Peruvian army general, junta head, President

Ricardo Pío Pérez Godoy (9 June 1905 – 26 July 1982) was a general of the Peruvian army who launched a coup d'état in July 1962, headed a military junta until March 1963 and served as the 47th President of Peru (1st President of the Military Junta).

==Military Junta==
Three main candidates participated in the Peruvian presidential elections of 10 June 1962: Víctor Raúl Haya de la Torre, founder and leader of the APRA, future president Fernando Belaúnde, and former dictator Manuel A. Odría. Haya de la Torre gained most of the votes according to the official results, one percentage point ahead of Belaúnde.

However, none of the candidates reached the margin of one-third of the votes needed to become president. Therefore, the final decision lay with the Peruvian Congress. Haya de la Torre and Odría formed an alliance in order to install Odría as the new president.

At 3:20 in the morning of 18 July 1962 at the Presidential Palace, one of the thirty tanks stationed outside gunned its engine and rammed through the black wrought-iron gates. Manuel Prado, the constitutional President of Peru, was thrown out of office in a coup, just ten days short of completing his six-year term.

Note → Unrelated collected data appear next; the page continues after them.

(* Let $\Omega\subset\mathbb{R}^2$ be bounded, open, connected with $0\in\Omega$ and $\sigma(\Omega)=\Omega$, where $\sigma(x_1,x_2)=(x_1,-x_2)$. Let $\lambda_N^0$ be an eigenvalue of $(E_0)$ and let $\varphi\in E(\lambda_N^0)\setminus\{0\}$. Let $\mathfrak S u=\bar u\circ\sigma$. Then: (i) if $\varphi=-\mathfrak S\varphi$, then $\omega(\varphi)=0$; (ii) if $\varphi=\mathfrak S\varphi$, then $\omega(\varphi)=\frac{\pi}{k(\varphi)}$; (iii) if $\omega(\varphi)\ne\frac{\pi}{k(\varphi)}$, then $k(\varphi-\mathfrak S\varphi)=k(\varphi)$; (iv) if $\omega(\varphi)\ne0$, then $k(\varphi+\mathfrak S\varphi)=k(\varphi)$.
   Context: $A_0(x)=\frac12\big(-\frac{x_2}{|x|^2},\frac{x_1}{|x|^2}\big)$; $H^{1,0}_0(\Omega,\mathbb{C})$ is the closure of $C_c^\infty(\Omega\setminus\{0\},\mathbb{C})$ in the completion of $\{u\in H^1\cap C^\infty(\Omega,\mathbb{C}):u$ vanishes near $0\}$ under the norm $(\|\nabla u\|^2_{L^2}+\|u\|^2_{L^2}+\|u/|x|\|^2_{L^2})^{1/2}$; $u$ is an eigenfunction of $(E_0)$ with eigenvalue $\lambda$ if $u\in H^{1,0}_0\setminus\{0\}$ and $\int_\Omega(i\nabla u+A_0u)\cdot\overline{(i\nabla v+A_0v)}=\lambda\int_\Omega u\bar v$ for all $v\in H^{1,0}_0$. A function $u$ is K-real if $e^{-it/2}u(r\cos t,r\sin t)$ is real-valued; $E(\lambda_N^0)$ is the real vector space of K-real eigenfunctions with eigenvalue $\lambda_N^0$ (together with $0$); under $\sigma(\Omega)=\Omega$ it is invariant under $\mathfrak S$. It is known that for every $u\in E(\lambda_N^0)\setminus\{0\}$ there are unique $k(u)\in\mathbb{N}$ odd, $\beta(u)\in\mathbb{R}\setminus\{0\}$, $\omega(u)\in[0,\frac{2\pi}{k(u)})$ with $r^{-k(u)/2}u(r\cos t,r\sin t)\to\beta(u)e^{it/2}\sin(\frac{k(u)}2(t-\omega(u)))$ in $C^{1,\tau}([0,2\pi],\mathbb{C})$ as $r\to0^+$, for all $\tau\in(0,1)$. *)

(* R : realType, points of R^2 are pairs (R * R),
   complex numbers are encoded as pairs (Re, Im) : R * R. *)
From mathcomp Require Import all_boot all_order all_algebra.
From mathcomp Require Import all_classical all_reals all_analysis.
Set Implicit Arguments. Unset Strict Implicit. Unset Printing Implicit Defensive.
Import Order.TTheory GRing.Theory Num.Theory numFieldNormedType.Exports.
Local Open Scope classical_set_scope.
Local Open Scope ring_scope.

Section AB.
Variable R : realType.
Local Notation pt := (R * R)%type.

Definition leb2 := product_measure1 (@lebesgue_measure R) (@lebesgue_measure R).

Definition sq2 (x : pt) : R := x.1 ^+ 2 + x.2 ^+ 2.
Definition sigma (x : pt) : pt := (x.1, - x.2).
Definition A0 (x : pt) : pt := ((- x.2) / (2 * sq2 x), x.1 / (2 * sq2 x)).

Definition caddf (u v : pt -> R * R) : pt -> R * R :=
  fun x => ((u x).1 + (v x).1, (u x).2 + (v x).2).
Definition cnegf (u : pt -> R * R) : pt -> R * R := fun x => (- (u x).1, - (u x).2).
Definition csubf (u v : pt -> R * R) : pt -> R * R := caddf u (cnegf v).
Definition Sfrak (u : pt -> R * R) : pt -> R * R :=
  fun x => ((u (sigma x)).1, - (u (sigma x)).2).

Fixpoint Cn (n : nat) (f : pt -> R) : Prop :=
  match n with
  | 0 => continuous f
  | n'.+1 => continuous f /\ (forall x (v : pt), derivable f x v) /\
             (forall v : pt, Cn n' (fun x => 'D_v f x))
  end.
Definition smooth (f : pt -> R) : Prop := forall n, Cn n f.
(* Let $z_0\in\mathbb{C}$, $r>0$, and let $f$ be harmonic in $D=\{z\in\mathbb{C}:0<|z-z_0|<r\}$ with $$f(z)=\sum_{k=-n}^\infty a_k(z-z_0)^k+\overline{\sum_{k=-n}^\infty b_k(z-z_0)^k}+2A\log|z-z_0|,\qquad z\in D,$$ where $n\ge1$, $A\in\mathbb{C}$ and $|a_{-n}|\neq|b_{-n}|$. For $\eta\in\mathbb{C}$ put $c=\eta-(a_0+\overline{b_0})$, suppose $c\neq0$, and let $\zeta_1,\dots,\zeta_n$ be the $n$ solutions of $$(\zeta-z_0)^n=\frac{|a_{-n}|^2-|b_{-n}|^2}{\overline{a_{-n}}\,c-\overline{b_{-n}}\,\overline{c}}.$$ Then for all $\eta$ with $|c|$ (equivalently $|\eta|$) sufficiently large: (1) there exist exactly $n$ solutions of $f(z)=\eta$ near $z_0$; (2) the set $S=\{\zeta_1,\dots,\zeta_n\}$ is a prediction set for the solutions in (1), i.e., for each $j$ the harmonic Newton iteration for $f-\eta$ started at $\zeta_j$ converges, and $\zeta_j\mapsto H^\infty_{f-\eta}(\zeta_j)$ is a bijection from $S$ onto the set of these $n$ solutions.
   Context: A harmonic mapping is a function $f$ with $\Delta f=4\partial_{\bar z}\partial_z f=0$, with Wirtinger derivatives $\partial_z=\frac12(\partial_x-i\partial_y)$, $\partial_{\bar z}=\frac12(\partial_x+i\partial_y)$. For a harmonic mapping $F$, the harmonic Newton map is $$H_F(z)=z-\frac{\overline{\partial_zF(z)}\,F(z)-\partial_{\bar z}F(z)\,\overline{F(z)}}{|\partial_zF(z)|^2-|\partial_{\bar z}F(z)|^2},$$ defined where the Jacobian $|\partial_zF|^2-|\partial_{\bar z}F|^2$ is nonzero (this is Newton's method for $F$ viewed as a map $\mathbb{R}^2\to\mathbb{R}^2$). The harmonic Newton iteration is $z_k=H_F(z_{k-1})$, and $H_F^\infty(z_0)=\lim_{k\to\infty}z_k$ when this limit exists. *)

From Stdlib Require Import Reals ZArith List.
From Coquelicot Require Export Coquelicot.
Open Scope R_scope.

Definition Ci : C := (0, 1)%R.
Definition Czpow (z : C) (k : Z) : C :=
  match k with
  | Z0 => 1%C
  | Zpos p => Cpow z (Pos.to_nat p)
  | Zneg p => Cinv (Cpow z (Pos.to_nat p))
  end.

Definition dx (F : C -> C) (z : C) : C :=
  (Derive (fun t => fst (F (Cplus z (t, 0)))) 0,
   Derive (fun t => snd (F (Cplus z (t, 0)))) 0).
Definition dy (F : C -> C) (z : C) : C :=
  (Derive (fun t => fst (F (Cplus z (0, t)))) 0,
   Derive (fun t => snd (F (Cplus z (0, t)))) 0).

Definition dz (F : C -> C) (z : C) : C :=
  Cmult (RtoC (1/2)) (Cminus (dx F z) (Cmult Ci (dy F z))).
Definition dzbar (F : C -> C) (z : C) : C :=
  Cmult (RtoC (1/2)) (Cplus (dx F z) (Cmult Ci (dy F z))).

Definition jac (F : C -> C) (z : C) : R :=
  (Cmod (dz F z))^2 - (Cmod (dzbar F z))^2.

(* harmonic Newton map (meaningful where jac F z <> 0) *)
Definition HN (F : C -> C) (z : C) : C :=
  Cminus z
    (Cdiv (Cminus (Cmult (Cconj (dz F z)) (F z)) (Cmult (dzbar F z) (Cconj (F z))))
          (RtoC (jac F z))).

Fixpoint HN_seq (F : C -> C) (z0 : C) (k : nat) : C :=
  match k with
  | O => z0
  | S k' => HN F (HN_seq F z0 k')
  end.

(* the harmonic Newton iteration started at z0 is well defined (Jacobian
   nonzero at every iterate) and converges to L, i.e. H_F^oo(z0) = L *)
Definition HN_converges_to (F : C -> C) (z0 L : C) : Prop :=
  (forall k, jac F (HN_seq F z0 k) <> 0) /\
  filterlim (HN_seq F z0) eventually (locally L).

(* the k-th term (k = m - n) of the Laurent series sum_{k >= -n} a_k w^k *)
Definition laurent_term (a : Z -> C) (n : nat) (w : C) (m : nat) : C :=
  Cmult (a (Z.of_nat m - Z.of_nat n)%Z) (Czpow w (Z.of_nat m - Z.of_nat n)%Z).

(* Near [z0] the equation [f z = eta] is dominated by
   [a_(-n) / (z - z0)^n + conj (b_(-n) / (z - z0)^n) = c], whose solutions are exactly the
   [n] points [zeta] with [(zeta - z0)^n = w]; all other terms of [f] are smaller by a factor
   [O(sqrt |z - z0|)].  A Newton-Kantorovich theorem for the harmonic Newton map (a quadratic
   remainder bound [K], a Jacobian bounded away from zero by [1/M], a small initial residual)
   shows that the iteration started at each such [zeta] converges to a solution within
   [lam |zeta - z0|] of [zeta], the only one there.  Conversely, for every solution [z] in a
   small punctured disc, [1 / (z - z0)^n] is close to [1 / w], so [z] lies in one of these
   Newton balls.  Distinct [n]-th roots of [w] are [|w|^(1/n) / n] apart while the balls have
   radius [lam |w|^(1/n)] with [2 n lam < 1], so predictions and solutions are in bijection. *)

From Stdlib Require Import Reals ZArith List Lra Lia Psatz ClassicalEpsilon.
From Coquelicot Require Import Coquelicot.
Open Scope R_scope.
Set Bullet Behavior "Strict Subproofs".

Lemma im_le_Cmod (z : C) : Rabs (Im z) <= Cmod z.
Proof.
  destruct z as [x y]. unfold Cmod, Im; simpl.
  rewrite <- sqrt_Rsqr_abs. apply sqrt_le_1_alt. unfold Rsqr. nra.
Qed.

Lemma Cmod_reverse_triangle (u v : C) : Cmod u - Cmod v <= Cmod (u + v).
Proof.
  assert (H := Cmod_triangle (u + v) (- v)).
  replace (u + v + - v)%C with u in H by ring. rewrite Cmod_opp in H. lra.
Qed.

Lemma Cmod_sub_triangle (x y z : C) : Cmod (x - z) <= Cmod (x - y) + Cmod (y - z).
Proof. replace (x - z)%C with ((x - y) + (y - z))%C by ring. apply Cmod_triangle. Qed.

Lemma Cmod_add_conj_lower (a b d : C) :
  Rabs (Cmod a - Cmod b) * Cmod d <= Cmod (a * d + b * Cconj d).
Proof.
  assert (H1 := Cmod_reverse_triangle (a * d) (b * Cconj d)).
  assert (H2 := Cmod_reverse_triangle (b * Cconj d) (a * d)).
  rewrite !Cmod_mult, Cmod_conj in *. rewrite Cplus_comm in H2.
  unfold Rabs; destruct Rcase_abs; nra.
Qed.

Lemma Cconj_neq0 (z : C) : z <> 0%C -> Cconj z <> 0%C.
Proof.
  intros H E. apply H. rewrite <- (Cconj_conj z), E.
  apply injective_projections; simpl; ring.
Qed.

Lemma Cconj_RtoC (x : R) : Cconj (RtoC x) = RtoC x.
Proof. apply injective_projections; simpl; ring. Qed.

Lemma Cpow_0_l (n : nat) : (1 <= n)%nat -> (0 ^ n)%C = 0%C.
Proof. intros Hn. destruct n; [lia|]. rewrite Cpow_S. ring. Qed.

Lemma Cmod_lt_ball (x y : C) (eps : R) : Cmod (y - x) < eps -> ball x eps y.
Proof. apply C_NormedModule_mixin_compat1. Qed.

Lemma ball_Cmod_lt (x y : C) (eps : posreal) : ball x eps y -> Cmod (y - x) < 2 * eps.
Proof.
  intros H. assert (H' := C_NormedModule_mixin_compat2 x y eps H).
  change (minus y x) with (y - x)%C in H'.
  assert (sqrt 2 < 2).
  { rewrite <- (sqrt_square 2) at 2 by lra. apply sqrt_lt_1_alt. lra. }
  destruct eps; simpl in *. nra.
Qed.

Lemma filterlim_C_Cmod (u : nat -> C) (L : C) :
  filterlim u eventually (locally L) <->
  (forall e, 0 < e -> exists N, forall k, (N <= k)%nat -> Cmod (u k - L) < e).
Proof.
  split.
  - intros H e He. assert (He' : 0 < e / 2) by lra.
    apply filterlim_locally with (eps := mkposreal _ He') in H.
    destruct H as [N HN]. exists N. intros k Hk.
    specialize (HN k Hk). apply ball_Cmod_lt in HN. simpl in HN. lra.
  - intros H. apply filterlim_locally. intros eps.
    destruct (H eps (cond_pos eps)) as [N HN]. exists N. intros k Hk.
    apply Cmod_lt_ball. auto.
Qed.

Lemma filterlim_Cmod_le (u : nat -> C) (L : C) (B : R) :
  filterlim u eventually (locally L) -> (forall k, Cmod (u k) <= B) -> Cmod L <= B.
Proof.
  intros Hl Hb. destruct (Rle_or_lt (Cmod L) B) as [|Hlt]; auto. exfalso.
  destruct (proj1 (filterlim_C_Cmod u L) Hl (Cmod L - B)) as [N HN]; [lra|].
  specialize (HN N (le_n _)). specialize (Hb N).
  assert (H := Cmod_reverse_triangle L (u N - L)).
  replace (L + (u N - L))%C with (u N) in H by ring. lra.
Qed.

Lemma pow_le_1 (x : R) (k : nat) : 0 <= x <= 1 -> x ^ k <= 1.
Proof. intros H. rewrite <- (pow1 k). apply pow_incr. lra. Qed.

Lemma pow_le_self (t : R) (n : nat) : (1 <= n)%nat -> 0 <= t <= 1 -> t ^ n <= t.
Proof.
  intros Hn Ht. destruct n as [|k]; [lia|]. simpl.
  assert (t ^ k <= 1) by (apply pow_le_1; lra). assert (0 <= t ^ k) by (apply pow_le; lra).
  nra.
Qed.

Lemma pow_ge_self (t : R) (n : nat) : (1 <= n)%nat -> 1 <= t -> t <= t ^ n.
Proof.
  intros Hn Ht. destruct n as [|k]; [lia|]. simpl.
  assert (1 <= t ^ k) by (apply pow_R1_Rle; lra). nra.
Qed.

Lemma pow_lt_compat (a b : R) (n : nat) : (1 <= n)%nat -> 0 <= a < b -> a ^ n < b ^ n.
Proof.
  intros Hn Hab. destruct n as [|k]; [lia|]. simpl.
  assert (a ^ k <= b ^ k) by (apply pow_incr; lra).
  assert (0 < b ^ k) by (apply pow_lt; lra). assert (0 <= a ^ k) by (apply pow_le; lra).
  nra.
Qed.

Lemma pow_lt_reg (a b : R) (n : nat) : 0 <= a -> 0 <= b -> a ^ n < b ^ n -> a < b.
Proof.
  intros Ha Hb H. destruct (Rlt_or_le a b) as [|Hba]; auto.
  assert (b ^ n <= a ^ n) by (apply pow_incr; lra). lra.
Qed.

Lemma pow_inj (a b : R) (n : nat) :
  (1 <= n)%nat -> 0 <= a -> 0 <= b -> a ^ n = b ^ n -> a = b.
Proof.
  intros Hn Ha Hb H. destruct (Rtotal_order a b) as [Hl|[He|Hl]]; auto.
  - assert (a ^ n < b ^ n) by (apply pow_lt_compat; auto; lra). lra.
  - assert (b ^ n < a ^ n) by (apply pow_lt_compat; auto; lra). lra.
Qed.

Lemma pow_half_vanishes (y : R) : 0 < y -> exists N, forall k, (N <= k)%nat -> (/2) ^ k < y.
Proof.
  intros Hy. destruct (pow_lt_1_zero (/2)) with y as [N HN]; auto.
  - rewrite Rabs_pos_eq; lra.
  - exists N. intros k Hk. specialize (HN k Hk).
    rewrite Rabs_pos_eq in HN; auto. apply pow_le; lra.
Qed.

(** * Wirtinger derivatives from a quadratic remainder bound *)

Lemma Derive_quadratic_remainder (g : R -> R) (l K d : R) :
  0 < d -> 0 <= K ->
  (forall t, Rabs t < d -> Rabs (g t - g 0 - t * l) <= K * t ^ 2) ->
  Derive g 0 = l.
Proof.
  intros Hd HK H. apply is_derive_unique, is_derive_Reals.
  intros eps Heps.
  assert (Hp : 0 < Rmin d (eps / (K + 1))).
  { apply Rmin_pos; auto. apply Rdiv_lt_0_compat; lra. }
  exists (mkposreal _ Hp). intros h Hh0 Hh. simpl in Hh. rewrite Rplus_0_l.
  assert (Hh1 : Rabs h < d) by (eapply Rlt_le_trans; [apply Hh|apply Rmin_l]).
  assert (Hh2 : Rabs h < eps / (K + 1)) by (eapply Rlt_le_trans; [apply Hh|apply Rmin_r]).
  specialize (H h Hh1).
  replace ((g h - g 0) / h - l) with ((g h - g 0 - h * l) / h) by (field; auto).
  unfold Rdiv. rewrite Rabs_mult, Rabs_inv.
  assert (Ha : 0 < Rabs h) by (apply Rabs_pos_lt; auto).
  apply Rle_lt_trans with (K * Rabs h).
  { apply Rmult_le_reg_r with (Rabs h); auto.
    rewrite Rmult_assoc, Rinv_l by lra. rewrite <- (pow2_abs h) in H. nra. }
  apply Rle_lt_trans with ((K + 1) * Rabs h); [nra|].
  apply Rmult_lt_reg_r with (/ (K + 1)); [apply Rinv_0_lt_compat; lra|].
  rewrite (Rmult_comm (K + 1)), Rmult_assoc, Rinv_r by lra. lra.
Qed.

Section RealDifferentiability.
Variables (F : C -> C) (x a b : C) (K d : R).
Hypothesis Hd : 0 < d.
Hypothesis HK : 0 <= K.
Hypothesis Hquad : forall y, Cmod (y - x) < d ->
  Cmod (F y - F x - a * (y - x) - b * Cconj (y - x)) <= K * Cmod (y - x) ^ 2.

Lemma Derive_along_line (e : C) (p : R -> C) :
  Cmod e = 1 -> (forall t, p t = x + RtoC t * e)%C ->
  (Derive (fun t => fst (F (p t))) 0, Derive (fun t => snd (F (p t))) 0)
  = (a * e + b * Cconj e)%C.
Proof.
  intros He Hp.
  assert (Hp0 : p 0 = x) by (rewrite Hp; ring).
  assert (Hbound : forall t, Rabs t < d ->
    Cmod (F (p t) - F x - RtoC t * (a * e + b * Cconj e)) <= K * t ^ 2).
  { intros t Ht.
    assert (Hpx : (p t - x)%C = (RtoC t * e)%C) by (rewrite Hp; ring).
    assert (Hm : Cmod (p t - x) = Rabs t) by (rewrite Hpx, Cmod_mult, He, Cmod_R; ring).
    assert (Hq := Hquad (p t)). rewrite Hm, pow2_abs in Hq.
    replace (F (p t) - F x - RtoC t * (a * e + b * Cconj e))%C
      with (F (p t) - F x - a * (p t - x) - b * Cconj (p t - x))%C; auto.
    rewrite Hpx, Cmult_conj, Cconj_RtoC. ring. }
  apply injective_projections; apply Derive_quadratic_remainder with K d; auto;
    intros t Ht; rewrite Hp0; eapply Rle_trans; try apply (Hbound t Ht).
  - eapply Rle_trans; [|apply re_le_Cmod]. right. unfold Re. f_equal. simpl. ring.
  - eapply Rle_trans; [|apply im_le_Cmod]. right. unfold Im. f_equal. simpl. ring.
Qed.

Lemma Wirtinger_of_quadratic_remainder : dz F x = a /\ dzbar F x = b.
Proof.
  assert (Hdx : dx F x = (a + b)%C).
  { unfold dx. rewrite (Derive_along_line 1 (fun t => Cplus x (t, 0))).
    - apply injective_projections; simpl; ring.
    - apply Cmod_1.
    - intros t. apply injective_projections; simpl; ring. }
  assert (Hdy : dy F x = ((a - b) * Ci)%C).
  { unfold dy. rewrite (Derive_along_line Ci (fun t => Cplus x (0, t))).
    - apply injective_projections; simpl; ring.
    - unfold Cmod, Ci. simpl. replace (0 * (0 * 1) + 1 * (1 * 1)) with 1 by ring. apply sqrt_1.
    - intros t. apply injective_projections; simpl; ring. }
  unfold dz, dzbar. rewrite Hdx, Hdy.
  split; apply injective_projections; simpl; field.
Qed.

End RealDifferentiability.

(** * A Newton-Kantorovich theorem for the harmonic Newton map *)

Lemma HN_step_identity (x a b Fx : C) (D : R) :
  D = Cmod a ^ 2 - Cmod b ^ 2 -> D <> 0 ->
  let d := (x - (Cconj a * Fx - b * Cconj Fx) / RtoC D - x)%C in
  (a * d + b * Cconj d)%C = (- Fx)%C.
Proof.
  intros HD HD0 d. unfold d. rewrite !Cmod2_alt in HD. subst D.
  destruct x as [x1 x2], a as [a1 a2], b as [b1 b2], Fx as [f1 f2].
  unfold Cminus, Cdiv, Cmult, Cplus, Copp, Cinv, Cconj, RtoC, Re, Im in *; simpl in *.
  f_equal; field; intro H; apply HD0; nra.
Qed.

Pérez Godoy, as Chairman of the Joint Chiefs of Staff, headed the military junta formed by high-ranked members of the Peruvian Military Force: General Nicolás Lindley, commander of Peru's army; Vice Admiral Juan Francisco Torres Matos, Admiral of the Navy; and General Pedro Vargas Prada, chief of the air force. Once in the Palace, the four-man junta administered its own swearing-into office. The soldiers then suspended all constitutional guarantees, dissolved Parliament, arrested Electoral Tribunal officials "for trial" and promised "clean and pure elections" scheduled for June 9, 1963. Lindley was subsequently named Prime Minister.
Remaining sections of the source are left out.